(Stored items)
Lemma chain_limit : exists y,
  (forall m, d (cent (fst (chain m))) y <= dyadic (snd (chain m))) /\
  (forall eps, 0 < eps -> exists N, forall n, (N <= n)%nat -> d y (cent (fst (chain n))) < eps).
Proof.
  set (a n := cent (fst (chain n))).
  destruct (d_complete a) as [y Hy].
  { intros eps Heps; destruct (dyadic_small eps Heps) as [K HK]; exists K.
    intros n m Hn Hm; pose proof (chain_centre_dist n m Hm).
    pose proof (dyadic_le K n Hn); unfold a; lra. }
  assert (Hconv : forall eps, 0 < eps -> exists N, forall n, (N <= n)%nat ->
    d y (a n) < eps /\ d (a n) y < eps).
  { intros eps Heps; destruct (Hy (fun z => dhat d y z < eps)) as [N HN].
    - apply generated_topology_sub; exists y, eps; tauto.
    - unfold dhat; rewrite dist_self, Rmax_left; lra.
    - exists N; intros n Hn; specialize (HN n Hn); unfold dhat in HN.
      pose proof (Rmax_l (d y (a n)) (d (a n) y)); pose proof (Rmax_r (d y (a n)) (d (a n) y)).
      lra. }
  exists y; split; [|intros eps Heps; destruct (Hconv eps Heps) as [N HN]; exists N; apply HN].
  intros m; apply Rnot_lt_le; intros Hc.
  destruct (Hconv (d (a m) y - dyadic (snd (chain m)))) as [N HN]; [unfold a in *; lra|].
  set (n := Nat.max N (S m)).
  destruct (chain_increasing m n ltac:(lia)) as [_ B]; destruct (HN n ltac:(lia)) as [_ C].
  pose proof (d_triangle (a m) (a n) y); pose proof (dyadic_pos (snd (chain n))).
  unfold a in *; lra.
Qed.

End BallChain.

Lemma point_ideal_onto J :
  ~ compact_el (ideal_le ball_le) J -> exists y, point_ideal y = J.
Proof.
  intros HJ; destruct (noncompact_ideal_chain J HJ) as [chain [Hin [Hlt Hcof]]].
  destruct (chain_limit chain Hlt) as [y [Hbelow Hconv]].
  exists y; apply ideal_ext; intros q; simpl; unfold in_ball; split.
  - intros Hq; set (delta := dyadic (snd q) - d (cent (fst q)) y).
    destruct (dyadic_small (delta / 2)) as [K HK]; [unfold delta; lra|].
    destruct (Hconv (delta / 2)) as [N HN]; [unfold delta; lra|].
    set (n := Nat.max N (S (Nat.max K (snd q)))).
    apply (ideal_lower J q (chain n)); [right; split|apply Hin].
    + pose proof (chain_level chain Hlt n); lia.
    + pose proof (dyadic_le K (snd (chain n)) ltac:(pose proof (chain_level chain Hlt n); lia)).
      pose proof (HN n ltac:(lia)).
      pose proof (d_triangle (cent (fst q)) y (cent (fst (chain n)))); unfold delta in *; lra.
  - intros Hq; destruct (Hcof q Hq) as [n Hn].
    destruct (ball_le_lt_trans _ _ _ Hn (Hlt n)) as [_ Hd].
    pose proof (Hbelow (S n)).
    pose proof (d_triangle (cent (fst q)) (cent (fst (chain (S n)))) y); lra.
Qed.

End FormalBalls.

What the task asks: Only these are to be transcribed: the line with "destruct (Hconv (delta" and every line after it through the last line of the entries, each exactly.

Reply to the task:
    destruct (Hconv (delta / 2)) as [N HN]; [unfold delta; lra|].
    set (n := Nat.max N (S (Nat.max K (snd q)))).
    apply (ideal_lower J q (chain n)); [right; split|apply Hin].
    + pose proof (chain_level chain Hlt n); lia.
    + pose proof (dyadic_le K (snd (chain n)) ltac:(pose proof (chain_level chain Hlt n); lia)).
      pose proof (HN n ltac:(lia)).
      pose proof (d_triangle (cent (fst q)) y (cent (fst (chain n)))); unfold delta in *; lra.
  - intros Hq; destruct (Hcof q Hq) as [n Hn].
    destruct (ball_le_lt_trans _ _ _ Hn (Hlt n)) as [_ Hd].
    pose proof (Hbelow (S n)).
    pose proof (d_triangle (cent (fst q)) (cent (fst (chain (S n)))) y); lra.
Qed.

End FormalBalls.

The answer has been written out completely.